From the entries below, please output exactly the lines starting at the one containing "Neg (subst s a)" and ending at the one containing "the uniform distribution", both included.

[Data entries]
——

Lemma spectral_radius_ge_diag n (A : 'M[R]_n) (T : 'M[R[i]]_n) :
  (forall l, eigenvalue (map_mx (real_complex R) A) l = [exists k, l == T k k]) ->
  forall k, normc (T k k) <= spectral_radius A.
Proof.
move=> eigA k.
have eigT j : [set normc l | l in [set l | eigenvalue (map_mx (real_complex R) A) l]]
    (normc (T j j)).
  by exists (T j j) => //=; rewrite eigA; apply/existsP; exists j.
apply: sup_upper_bound (eigT k); split; first by exists (normc (T k k)).
exists (\sum_j normc (T j j)) => x [l /=]; rewrite eigA => /existsP[j /eqP-> <-].
by rewrite (bigD1 j) //= lerDl sumr_ge0 // => m _; apply: normc_ge0.
Qed.

Lemma sqrt_trace_sqr_le_spectral_radius n (A : 'M[R]_n) : (0 < n)%N ->
  Num.sqrt (`|\tr (A *m A)| / n%:R) <= spectral_radius A.
Proof.
move=> n0; have [T trA eigA] := real_Schur A n0.
have rhoT := spectral_radius_ge_diag eigA.
have rho0 : 0 <= spectral_radius A := le_trans (normc_ge0 _) (rhoT (Ordinal n0)).
have trA_le : `|\tr (A *m A)| <= n%:R * spectral_radius A ^+ 2.
  rewrite -lecR -normr_real_complex trA.
  apply: le_trans (ler_norm_sum _ _ _) _.
  rewrite mulr_natl -[n in _ *+ n]card_ord -sumr_const rmorph_sum.
  apply: ler_sum => k _.
  by rewrite normrX normr_complex -rmorphXn lecR lerXn2r ?nnegrE ?normc_ge0.
rewrite -[X in _ <= X](ger0_norm rho0) -[X in _ <= X]sqrtr_sqr ler_sqrt ?sqr_ge0 //.
by rewrite ler_pdivrMr ?ltr0n // mulrC.
Qed.
(* The logics $\mathrm{E4}$, $\mathrm{S04}$ and $\mathrm{EMC4}$ have the finite model property, i.e. for each of them there is a class of finite neighborhood frames such that the theorems of the logic are exactly the formulas valid on all frames of that class.
   Context: Modal formulas are built from a countable set $Var$ of propositional variables using $\neg$, $\wedge$ and the unary operator $\Box$. A (modal) logic is a set of formulas containing all classical tautologies and closed under modus ponens, uniform substitution, and the rule (RE): from $\varphi\leftrightarrow\psi$ infer $\Box\varphi\leftrightarrow\Box\psi$. $\mathrm{E}$ is the smallest logic; $\mathrm{L}+\Gamma$ is the smallest logic containing $\mathrm{L}\cup\Gamma$. Axioms: $(4)\ \Box p\to\Box\Box p$; $(\mathrm{T})\ \Box p\to p$; $(\mathrm{M})\ \Box(p\wedge q)\to(\Box p\wedge\Box q)$; $(\mathrm{C})\ (\Box p\wedge\Box q)\to\Box(p\wedge q)$. $\mathrm{E4}=\mathrm{E}+4$, $\mathrm{EMC4}=\mathrm{E4}+\mathrm{M}+\mathrm{C}$, $\mathrm{S04}=\mathrm{E4}+\mathrm{T}+\mathrm{M}$. A neighborhood frame is a pair $(W,\bm{\Box})$ with $W\neq\varnothing$ and $\bm{\Box}:\mathcal P(W)\to\mathcal P(W)$; it is finite if $W$ is finite. A model on it adds a valuation $V:Var\to\mathcal P(W)$. Truth sets: $|p|_M=V(p)$, $|\neg\varphi|_M=W\setminus|\varphi|_M$, $|\varphi\wedge\psi|_M=|\varphi|_M\cap|\psi|_M$, $|\Box\varphi|_M=\bm{\Box}|\varphi|_M$. $\varphi$ is valid on a frame if $|\varphi|_M=W$ for every model $M$ on it. *)

From mathcomp Require Import all_boot.
Set Implicit Arguments. Unset Strict Implicit. Unset Printing Implicit Defensive.

Inductive form : Type :=
| Var : nat -> form
| Neg : form -> form
| And : form -> form -> form
| Box : form -> form.

Definition Or (a b : form) := Neg (And (Neg a) (Neg b)).
Definition Imp (a b : form) := Neg (And a (Neg b)).
Definition Iff (a b : form) := And (Imp a b) (Imp b a).

(* Classical tautologies: formulas true under every Boolean valuation of
   the propositional variables and of the boxed subformulas (treated as atoms). *)
Fixpoint beval (v : nat -> bool) (vb : form -> bool) (f : form) : bool :=
  match f with
  | Var n => v n
  | Neg a => ~~ beval v vb a
  | And a b => beval v vb a && beval v vb b
  | Box a => vb a
  end.

Definition tautology (f : form) : Prop :=
  forall (v : nat -> bool) (vb : form -> bool), beval v vb f = true.

Fixpoint subst (s : nat -> form) (f : form) : form :=
  match f with
  | Var n => s n
  | Neg a => Neg (subst s a)
  | And a b => And (subst s a) (subst s b)
  | Box a => Box (subst s a)
  end.

Inductive derivable (G : form -> Prop) : form -> Prop :=
| d_taut f : tautology f -> derivable G f
| d_ax f : G f -> derivable G f
| d_mp f g : derivable G f -> derivable G (Imp f g) -> derivable G g
| d_us s f : derivable G f -> derivable G (subst s f)
| d_re f g : derivable G (Iff f g) -> derivable G (Iff (Box f) (Box g)).

Definition lplus (L G : form -> Prop) : form -> Prop :=
  derivable (fun f => L f \/ G f).

Definition p := Var 0.
Definition q := Var 1.
Definition ax4 := Imp (Box p) (Box (Box p)).
Definition axT := Imp (Box p) p.
Definition axM := Imp (Box (And p q)) (And (Box p) (Box q)).
Definition axC := Imp (And (Box p) (Box q)) (Box (And p q)).

Definition E : form -> Prop := derivable (fun _ => False).
Definition E4 : form -> Prop := lplus E (fun f => f = ax4).
Definition EMC4 : form -> Prop := lplus E4 (fun f => f = axM \/ f = axC).
Definition S04 : form -> Prop := lplus E4 (fun f => f = axT \/ f = axM).

Record finframe := FinFrame {
  fW : finType;
  fbox : {set fW} -> {set fW};
  fW_nonempty : 0 < #|fW|
}.

Fixpoint truth (F : finframe) (V : nat -> {set fW F}) (f : form) : {set fW F} :=
  match f with
  | Var n => V n
  | Neg a => ~: truth V a
  | And a b => truth V a :&: truth V b
  | Box a => fbox (truth V a)
  end.

Definition valid (F : finframe) (f : form) : Prop :=
  forall V : nat -> {set fW F}, truth V f = [set: fW F].

Definition fmp (L : form -> Prop) : Prop :=
  exists C : finframe -> Prop,
    forall f, L f <-> (forall F : finframe, C F -> valid F f).
(* Let $k\in\mathbb{N}$, $P$ the uniform distribution on $[0,1]$, $\beta=\{\frac jk:1\leq j\leq k\}$, and $J_{k,j}=[\frac{j-1}k,\frac jk]$ for $1\leq j\leq k$. Let $n\geq k$, let $\alpha_n$ be a conditional optimal set of $n$-points for $P$ with respect to $\beta$, and put $n_j=\mathrm{card}(\alpha_n\cap J_{k,j})$. Then for $2\leq i<j\leq k$, $|n_i-n_j|\in\{0,1\}$.
   Context: For a Borel probability measure $P$ on $\mathbb{R}$ and finite $\beta$ with $\mathrm{card}(\beta)=r$, for $n\ge r$, $V_n=\inf\{\int\min_{a\in\alpha\cup\beta}(x-a)^2dP(x):\mathrm{card}(\alpha)\le n-r\}$; a set $\alpha\cup\beta$ attaining the infimum, with each point of $\beta$ having a Voronoi region of positive $P$-measure, is a conditional optimal set of $n$-points with respect to $\beta$ (it contains $\beta$). *)

From HB Require Import structures.
From mathcomp Require Import all_boot all_order all_algebra.
From mathcomp Require Import all_classical all_reals all_analysis.
Set Implicit Arguments. Unset Strict Implicit. Unset Printing Implicit Defensive.
Import Order.TTheory GRing.Theory Num.Theory.
Local Open Scope classical_set_scope.
Local Open Scope ring_scope.

(* Finite subsets of R are represented by duplicate-free sequences. *)

(* min_{a in g} (x - a)^2 (g is always nonempty where this is used; the
   head term only duplicates an element of g). *)
Definition dist2 (R : realType) (g : seq R) (x : R) : R :=
  foldr (fun a m => Num.min ((x - a) ^+ 2) m) ((x - head 0 g) ^+ 2) g.

Definition quant_err (R : realType) (P : probability (measurableTypeR R) R) (g : seq R) : \bar R :=
  (\int[P]_x (dist2 g x)%:E)%E.

Definition voronoi (R : realType) (g : seq R) (b : R) : set R :=
  [set x | forall a, a \in g -> `|x - b| <= `|x - a|].

Definition cond_opt_set (R : realType) (P : probability (measurableTypeR R) R) (beta : seq R)
    (n : nat) (gamma : seq R) : Prop :=
  [/\ uniq gamma,
      exists alpha : seq R, [/\ uniq alpha, (size alpha <= n - size beta)%N
                                & gamma =i alpha ++ beta],
      (forall alpha' : seq R, uniq alpha' -> (size alpha' <= n - size beta)%N ->
          (quant_err P gamma <= quant_err P (alpha' ++ beta))%E)
    & (forall b, b \in beta -> (0 < P (voronoi gamma b))%E)].

Definition beta_k (R : realType) (k : nat) : seq R :=
  [seq (j%:R / k%:R) | j <- iota 1 k].

Definition inJ (R : realType) (k j : nat) (x : R) : bool :=
  ((j.-1)%:R / k%:R <= x) && (x <= j%:R / k%:R).

Definition cardJ (R : realType) (k j : nat) (gamma : seq R) : nat :=
  size [seq x <- gamma | inJ k j x].

Definition unif01 (R : realType) : probability (measurableTypeR R) R := uniform_prob (@ltr01 R).

From HB Require Import structures.
From mathcomp Require Import all_boot all_order all_algebra.
From mathcomp Require Import all_classical all_reals all_analysis.
From mathcomp Require Import ring lra zify measurable_realfun.
Set Implicit Arguments. Unset Strict Implicit. Unset Printing Implicit Defensive.
Import Order.TTheory GRing.Theory Num.Theory.
Import numFieldNormedType.Exports.
Local Open Scope ring_scope.

(* Every j/k lies in gamma, so for i >= 2 the cell J_i has both endpoints in
   gamma and n_i - 2 points of gamma in its interior.  If a finite set contains
   the endpoints of an interval of length L and has m points inside it, the
   integral of the squared distance to the set over the interval is at least
   L^3 / (12 (m+1)^2), with equality for m evenly spaced points (split at an
   interior point: (L, M) |-> L^3 / M^2 is subadditive).  If n_i >= n_j + 2,
   take one interior point away from J_i, put one more into J_j and respace
   both cells evenly: the error is unchanged outside J_i and J_j and, because
   1/x^2 - 1/(x+1)^2 is strictly decreasing, strictly smaller on them,
   contradicting optimality. *)

Section Dist2.
Variable R : realType.
Implicit Types (s t : seq R) (a b x : R).

Lemma dist2_le s x a : a \in s -> dist2 s x <= (x - a) ^+ 2.
Proof.
rewrite /dist2; elim: s (_ ^+ 2) => // b s IH m; rewrite inE /= ge_min.
by case/orP=> [/eqP-> | /IH->]; rewrite ?lexx ?orbT.
Qed.

(* [head 0 s] accounts for the junk value [x ^+ 2] of [dist2 [::] x]. *)
Lemma dist2_attained s x : exists2 a, a \in head 0 s :: s & dist2 s x = (x - a) ^+ 2.
Proof.
rewrite /dist2; elim: s (head 0 s) => [|b s IH] h /=; first by exists h; rewrite ?inE.
have [a ahs ->] := IH h; have [ba|ab] := leP ((x - b) ^+ 2) ((x - a) ^+ 2).
  by exists b; rewrite ?min_l // !inE eqxx orbT.
exists a; rewrite ?min_r ?ltW //.
by move: ahs; rewrite !inE => /orP[]->; rewrite ?orbT.
Qed.

Lemma dist2_ge0 s x : 0 <= dist2 s x.
Proof. by have [a _ ->] := dist2_attained s x; exact: sqr_ge0. Qed.

Lemma dist2_ge s x m : s != [::] ->
  (forall a, a \in s -> m <= (x - a) ^+ 2) -> m <= dist2 s x.
Proof.
case: s => // b s _ le_m; have [a as_ ->] := dist2_attained (b :: s) x.
by apply: le_m; move: as_; rewrite in_cons => /predU1P[->|]; rewrite ?mem_head.
Qed.

Lemma dist2_dominated s t x : {subset s <= t} -> s != [::] ->
  (forall a, a \in t -> exists2 b, b \in s & (x - b) ^+ 2 <= (x - a) ^+ 2) ->
  dist2 t x = dist2 s x.
Proof.
move=> st s0 dom; apply/le_anti/andP; split.
  by apply: dist2_ge => // a /st; exact: dist2_le.
have t0 : t != [::] by case: s s0 st {dom} => // b s _ /(_ b (mem_head _ _)); case: t.
by apply: dist2_ge => // a /dom[b bs]; apply: le_trans; exact: dist2_le.
Qed.

Lemma dist2_eq_mem s t : s =i t -> dist2 s =1 dist2 t.
Proof.
move=> st x; have [s0|s0] := eqVneq s [::].
  have -> : t = [::] by case: t st => // b t /(_ b); rewrite mem_head s0.
  by rewrite s0.
apply: esym; apply: dist2_dominated => // [a|a]; rewrite -?st // => as_.
by exists a.
Qed.
Lemma qf_add_scal x y (s : R) : in_l2 x -> in_l2 y ->
  qf (fun j => x j + s * y j)%C = qf x + 2 * s * polar x y + s ^ 2 * qf y.
Proof.
  intros Hx Hy. pose proof (in_l2_op x Hx). pose proof (in_l2_op y Hy).
  unfold qf, polar.
  rewrite op_add_scal, l2_ip_add_scal_l, !l2_ip_add_scal_r by auto using in_l2_add_scal.
  generalize (l2_ip x (Y x)) (l2_ip x (Y y)) (l2_ip y (Y x)) (l2_ip y (Y y)).
  intros [] [] [] []. simpl. field.
Qed.

Lemma polar_add_scal_l x y z (s : R) : in_l2 x -> in_l2 y -> in_l2 z ->
  polar (fun j => x j + s * y j)%C z = polar x z + s * polar y z.
Proof.
  intros Hx Hy Hz. pose proof (in_l2_op x Hx). pose proof (in_l2_op y Hy).
  pose proof (in_l2_op z Hz). unfold polar.
  rewrite op_add_scal, l2_ip_add_scal_l, l2_ip_add_scal_r by auto.
  generalize (l2_ip x (Y z)) (l2_ip y (Y z)) (l2_ip z (Y x)) (l2_ip z (Y y)).
  intros [] [] [] []. simpl. field.
Qed.

Lemma polar_comb m u j : polar (comb m u) (cbasis j) = lform m gram u j.
Proof.
  induction m as [|m IH].
  - cbn [comb]. unfold polar, lform, l2_ip, Re. rewrite op_zero.
    rewrite !(Series_fsum 0) by (intros; simpl; ring). simpl. field.
  - cbn [comb]. rewrite polar_add_scal_l, IH by (apply in_l2_comb || apply in_l2_cbasis).
    unfold lform, gram. cbn [fsum]. ring.
Qed.

Lemma qf_comb m u : qf (comb m u) = qform m gram u.
Proof.
  induction m as [|m IH].
  - cbn [comb]. unfold qf, l2_ip, Re. rewrite (Series_fsum 0) by (intros; simpl; ring).
    reflexivity.
  - cbn [comb]. rewrite qf_add_scal, IH, polar_comb by (apply in_l2_comb || apply in_l2_cbasis).
    simpl qform. replace (qf (cbasis m)) with (gram m m) by (unfold gram, polar, qf; field).
    ring.
Qed.

Lemma op_sqnorm_bound : exists B, 0 < B /\ forall z, in_l2 z -> sqnorm (Y z) <= B * sqnorm z.
Proof.
  destruct HY as [HYl2 [_ [M HM]]]. exists (M ^ 2 + 1). split; [pose proof (pow2_ge_0 M); lra|].
  intros z Hz. specialize (HM z Hz). change (sqrt (sqnorm (Y z)) <= M * sqrt (sqnorm z)) in HM.
  rewrite <- (pow2_sqrt (sqnorm z)), <- (pow2_sqrt (sqnorm (Y z)))
    by (apply sqnorm_nonneg; auto).
  pose proof (sqrt_pos (sqnorm (Y z))). pose proof (pow2_ge_0 (sqrt (sqnorm z))). nra.
Qed.

Lemma polar_abs_le B v w e : (forall z, in_l2 z -> sqnorm (Y z) <= B * sqnorm z) ->
  0 < B -> 0 < e -> in_l2 v -> in_l2 w ->
  2 * Rabs (polar v w) <= e * sqnorm v + B / e * sqnorm w.
Proof.
  intros HB HB0 He Hv Hw.
  pose proof (Re_l2_ip_young v (Y w) e Hv (in_l2_op w Hw) He) as Hvw.
  assert (HBe : 0 < B / e) by (apply Rdiv_lt_0_compat; assumption).
  pose proof (Re_l2_ip_young w (Y v) (B / e) Hw (in_l2_op v Hv) HBe) as Hwv.
  assert (/ e * sqnorm (Y w) <= B / e * sqnorm w).
  { unfold Rdiv. rewrite (Rmult_comm B), Rmult_assoc.
    apply Rmult_le_compat_l; [left; apply Rinv_0_lt_compat|]; auto. }
  assert (/ (B / e) * sqnorm (Y v) <= e * sqnorm v).
  { replace e with (/ (B / e) * B) at 2 by (field; lra). rewrite Rmult_assoc.
    apply Rmult_le_compat_l; [left; apply Rinv_0_lt_compat|]; auto. }
  unfold polar. pose proof (Rabs_triang (Re (l2_ip v (Y w))) (Re (l2_ip w (Y v)))).
  replace (2 * Rabs ((Re (l2_ip v (Y w)) + Re (l2_ip w (Y v))) / 2))
    with (Rabs (Re (l2_ip v (Y w)) + Re (l2_ip w (Y v)))).
  - lra.
  - unfold Rdiv. rewrite Rabs_mult, Rabs_inv, (Rabs_pos_eq 2) by lra. field.
Qed.

Lemma Rmin_div_mul_le c E V W q : 0 <= E -> 0 <= V -> 0 <= W -> 0 <= q ->
  c * V - E * W <= q -> Rmin c 1 / (1 + E) * (V + W) <= W + q.
Proof.
  intros HE HV HW Hq Hlow.
  apply (Rmult_le_reg_l (1 + E)); [lra|].
  replace ((1 + E) * (Rmin c 1 / (1 + E) * (V + W))) with (Rmin c 1 * V + Rmin c 1 * W)
    by (field; lra).
  assert (Rmin c 1 * V <= c * V) by (apply Rmult_le_compat_r; [exact HV | apply Rmin_l]).
  assert (Rmin c 1 * W <= 1 * W) by (apply Rmult_le_compat_r; [exact HW | apply Rmin_r]).
  assert (0 <= E * q) by (apply Rmult_le_pos; assumption).
  nra.
Qed.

——

(Answer to this task):
  | Neg a => Neg (subst s a)
  | And a b => And (subst s a) (subst s b)
  | Box a => Box (subst s a)
  end.

Inductive derivable (G : form -> Prop) : form -> Prop :=
| d_taut f : tautology f -> derivable G f
| d_ax f : G f -> derivable G f
| d_mp f g : derivable G f -> derivable G (Imp f g) -> derivable G g
| d_us s f : derivable G f -> derivable G (subst s f)
| d_re f g : derivable G (Iff f g) -> derivable G (Iff (Box f) (Box g)).

Definition lplus (L G : form -> Prop) : form -> Prop :=
  derivable (fun f => L f \/ G f).

Definition p := Var 0.
Definition q := Var 1.
Definition ax4 := Imp (Box p) (Box (Box p)).
Definition axT := Imp (Box p) p.
Definition axM := Imp (Box (And p q)) (And (Box p) (Box q)).
Definition axC := Imp (And (Box p) (Box q)) (Box (And p q)).

Definition E : form -> Prop := derivable (fun _ => False).
Definition E4 : form -> Prop := lplus E (fun f => f = ax4).
Definition EMC4 : form -> Prop := lplus E4 (fun f => f = axM \/ f = axC).
Definition S04 : form -> Prop := lplus E4 (fun f => f = axT \/ f = axM).

Record finframe := FinFrame {
  fW : finType;
  fbox : {set fW} -> {set fW};
  fW_nonempty : 0 < #|fW|
}.

Fixpoint truth (F : finframe) (V : nat -> {set fW F}) (f : form) : {set fW F} :=
  match f with
  | Var n => V n
  | Neg a => ~: truth V a
  | And a b => truth V a :&: truth V b
  | Box a => fbox (truth V a)
  end.

Definition valid (F : finframe) (f : form) : Prop :=
  forall V : nat -> {set fW F}, truth V f = [set: fW F].

Definition fmp (L : form -> Prop) : Prop :=
  exists C : finframe -> Prop,
    forall f, L f <-> (forall F : finframe, C F -> valid F f).
(* Let $k\in\mathbb{N}$, $P$ the uniform distribution on $[0,1]$, $\beta=\{\frac jk:1\leq j\leq k\}$, and $J_{k,j}=[\frac{j-1}k,\frac jk]$ for $1\leq j\leq k$. Let $n\geq k$, let $\alpha_n$ be a conditional optimal set of $n$-points for $P$ with respect to $\beta$, and put $n_j=\mathrm{card}(\alpha_n\cap J_{k,j})$. Then for $2\leq i<j\leq k$, $|n_i-n_j|\in\{0,1\}$.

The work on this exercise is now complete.